The story, you ask? What is it about? Oh, the usual. Some semi-deformed weirdo wears a mask and collects victims that fit whatever his sick tastes call for, and incidentally, we never learn the motivation behind his tastes. A nice family moves into the wrong house where the former owners disappeared (one guess where they went). On their first night, the new owners are taken captive by the resident psychopath whose glow-in-the-dark cat eyes reminded me of those bat-creatures from The Descent. He sets the house like a mousetrap with wires and pulleys and mechanics too complicated to complete in just a few hours. (When did he have time to set this up? Did he hire some handymen to come over and help? The movie never explains how the killer installed these torture devices—it’s enough that they’re there.)

Why he bothers setting up all these traps when he’s already captured the family, well, just ignore that detail. The writers did. The traps seem constructed exclusively to catch the hero, Arkin (Josh Stewart), a would-be jewel thief who breaks in to rob the family’s safe. But how would the killer know anyone was coming, especially when the movie notes how the family’s house is secluded in the middle of nowhere? When Arkin slips in, he finds everyone in the meat grinder—only their youngest daughter, Hannah (Karley Scott Collins), has escaped the killer’s clutches. Arkin has a deadline of midnight, by which time he must return a precious stone the size of his fist to the loansharks out for the neck of his estranged wife. But having a daughter himself, he can’t just leave young Hannah alone to become the next victim. So using his burglar skills, he tiptoes around the house under the killer’s nose, trying to save whomever he can, though he’s not very successful.

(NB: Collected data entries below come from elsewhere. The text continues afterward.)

(* For every $(x_n)\in\ell_1^{*}$ there exists an ideal $I$ on $\mathbb{N}$ with $\mathrm{Fin}\subseteq I$ and $I\neq\mathrm{Fin}$ such that $A_I(x_n)$ is meager and has Lebesgue measure zero.
   Context: $\ell_1^{*}=\{(x_n)\in\ell_1 : x_n\neq 0\text{ for every }n\}$. An ideal on $\mathbb{N}$ is a family $I\subseteq P(\mathbb{N})$ closed under finite unions and subsets with $\mathbb{N}\notin I$; $\mathrm{Fin}$ is the ideal of finite sets. $A_I(x_n)=\{\sum_{n\in A}x_n : A\in I\}$. *)

From Stdlib Require Import Reals Rtopology.
Open Scope R_scope.

(* Subsets of N are represented by their characteristic functions nat -> bool. *)
Definition subsetN (A B : nat -> bool) : Prop := forall n, A n = true -> B n = true.
Definition unionN (A B : nat -> bool) : nat -> bool := fun n => orb (A n) (B n).

Definition is_ideal (I : (nat -> bool) -> Prop) : Prop :=
  (forall A B, I A -> I B -> I (unionN A B)) /\
  (forall A B, subsetN A B -> I B -> I A) /\
  ~ I (fun _ => true).

Definition Fin (A : nat -> bool) : Prop := exists N, forall n, A n = true -> (n < N)%nat.

Definition ell1_star (x : nat -> R) : Prop :=
  (exists l, infinite_sum (fun n => Rabs (x n)) l) /\ (forall n, x n <> 0).

(* sum_{n in A} x_n (series of x restricted to A). *)
Definition restr (x : nat -> R) (A : nat -> bool) : nat -> R :=
  fun n => if A n then x n else 0.

Definition A_I (I : (nat -> bool) -> Prop) (x : nat -> R) : R -> Prop :=
  fun s => exists A, I A /\ infinite_sum (restr x A) s.

Definition nowhere_dense (F : R -> Prop) : Prop :=
  forall y, ~ interior (adherence F) y.

Definition meager (S : R -> Prop) : Prop :=
  exists F : nat -> R -> Prop,
    (forall k, nowhere_dense (F k)) /\ (forall y, S y -> exists k, F k y).

Definition null_set (S : R -> Prop) : Prop :=
  forall eps, 0 < eps ->
    exists a b : nat -> R,
      (forall k, a k <= b k) /\
      (forall y, S y -> exists k, a k <= y <= b k) /\
      exists l, infinite_sum (fun k => b k - a k) l /\ l < eps.

From Stdlib Require Import Reals Rtopology Lra Lia List Classical.
Open Scope R_scope.

(* Pick greedily an infinite set E of odd indices so sparse that, for each m in E, the
   terms of x indexed by E beyond m sum to at most 2^-(2^(m+2)+m), and take the ideal of
   sets A with A \ E finite.  If A is contained in E outside [0, k), then for every m in E
   with m >= k its sum lies within 2^-(2^(m+2)+m) of one of the 2^(m+1) subset sums of
   x_0, ..., x_m.  The radius decays so much faster than 2^-m that these finite families
   of intervals have arbitrarily small total length: each such set of sums is nowhere
   dense, and enumerating all the families at once covers their union by intervals of
   arbitrarily small total length. *)

Lemma Rabs_le_bounds (a b : R) : Rabs a <= b -> - b <= a <= b.
Proof. pose proof (Rle_abs a). pose proof (Rle_abs (- a)). rewrite Rabs_Ropp in *. lra. Qed.

Fixpoint partial_sum (f : nat -> R) (L : nat) : R :=
  match L with O => 0 | S m => partial_sum f m + f m end.

Lemma partial_sum_sum_f_R0 (f : nat -> R) (n : nat) :
  sum_f_R0 f n = partial_sum f (S n).
Proof. induction n as [|n IH]; simpl in *; [lra|]. rewrite IH; simpl; lra. Qed.

Lemma partial_sum_diff_le (f g : nat -> R) (c : R) (a L : nat) :
  (forall n, (a <= n)%nat -> Rabs (f n) <= c * g n) -> (a <= L)%nat ->
  Rabs (partial_sum f L - partial_sum f a) <= c * (partial_sum g L - partial_sum g a).
Proof.
  intros Hfg HaL. induction HaL as [|L HaL IH]; simpl.
  - rewrite !Rminus_diag, Rabs_R0. lra.
  - specialize (Hfg L HaL).
    replace (partial_sum f L + f L - partial_sum f a)
      with ((partial_sum f L - partial_sum f a) + f L) by ring.
    eapply Rle_trans; [apply Rabs_triang|]. lra.
Qed.

Lemma infinite_sum_dist_le (u : nat -> R) (s p t : R) (M : nat) :
  infinite_sum u s -> (forall L, (M <= L)%nat -> Rabs (partial_sum u L - p) <= t) ->
  Rabs (s - p) <= t.
Proof.
  intros Hs Hbound. apply Rnot_lt_le; intros Hfar.
  destruct (Hs (Rabs (s - p) - t)) as [N HN]; [lra|].
  specialize (HN (N + M)%nat ltac:(lia)). specialize (Hbound (S (N + M)) ltac:(lia)).
  rewrite partial_sum_sum_f_R0 in HN. unfold Rdist in HN. rewrite Rabs_minus_sym in HN.
  pose proof (Rabs_triang (s - partial_sum u (S (N + M))) (partial_sum u (S (N + M)) - p)).
  replace (s - partial_sum u (S (N + M)) + (partial_sum u (S (N + M)) - p)) with (s - p) in H
    by ring.
  lra.
Qed.

Lemma infinite_sum_scal (f g : nat -> R) (c l : R) :
  (forall n, g n = c * f n) -> infinite_sum f l -> infinite_sum g (c * l).
Proof.
  intros Hg Hf. assert (Hsum : forall n, sum_f_R0 g n = c * sum_f_R0 f n).
  { induction n as [|n IH]; simpl; rewrite Hg; [|rewrite IH]; ring. }
  intros e He. unfold Rdist. setoid_rewrite Hsum.
  apply (CV_mult (fun _ => c) (sum_f_R0 f) c l); [|exact Hf|exact He].
  intros e' He'. exists O. intros n _. unfold Rdist. rewrite Rminus_diag, Rabs_R0. lra.
Qed.

Lemma pow_half_pos (n : nat) : 0 < (/ 2) ^ n.
Proof. apply pow_lt. lra. Qed.

Lemma pow_half_le (m n : nat) : (m <= n)%nat -> (/ 2) ^ n <= (/ 2) ^ m.
Proof.
  intros Hmn. induction Hmn as [|n _ IH]; [lra|].
  simpl. pose proof (pow_half_pos n). lra.
Qed.

Lemma pow_half_small (e : R) : 0 < e -> exists M, forall m, (M <= m)%nat -> (/ 2) ^ m < e.
Proof.
  intros He. destruct (pow_lt_1_zero (/ 2) ltac:(rewrite Rabs_pos_eq; lra) e He) as [M HM].
  exists M. intros m Hm. specialize (HM m Hm). rewrite Rabs_pos_eq in HM; [exact HM|].
  left; apply pow_half_pos.
Qed.

Lemma summable_term_small (x : nat -> R) (l : R) :
  infinite_sum (fun n => Rabs (x n)) l ->
  forall e, 0 < e -> exists n0, forall n, (n0 <= n)%nat -> Rabs (x n) < e.
Proof.
  intros Hl e He. destruct (Hl (e / 2)) as [N HN]; [lra|].
  exists (S N). intros [|n] Hn; [lia|].
  pose proof (HN n ltac:(lia)) as Hn0. pose proof (HN (S n) ltac:(lia)) as Hn1.
  unfold Rdist in *. simpl sum_f_R0 in Hn1.
  apply Rabs_def2 in Hn0. apply Rabs_def2 in Hn1. lra.
Qed.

Moments where Arkin just barely eludes the killer with his wily footwork contain some suspense, but nothing involves the viewer beyond wanting someone, anyone to survive this ordeal. The acting is flat, the production is over-directed (complete with CGI zoom-ins on spiders, just to remind us how the killer is like a predator), and the script is utterly humorless (if your horror movie is going to be this bad, at least have a sense of humor about it). You can’t laugh at it. It won’t scare you. So the only reason to watch is for a gore fix. It’s a movie that’s set up exclusively to purvey ghastly violence. Mostly diehard horror hounds will be sniffing this one out.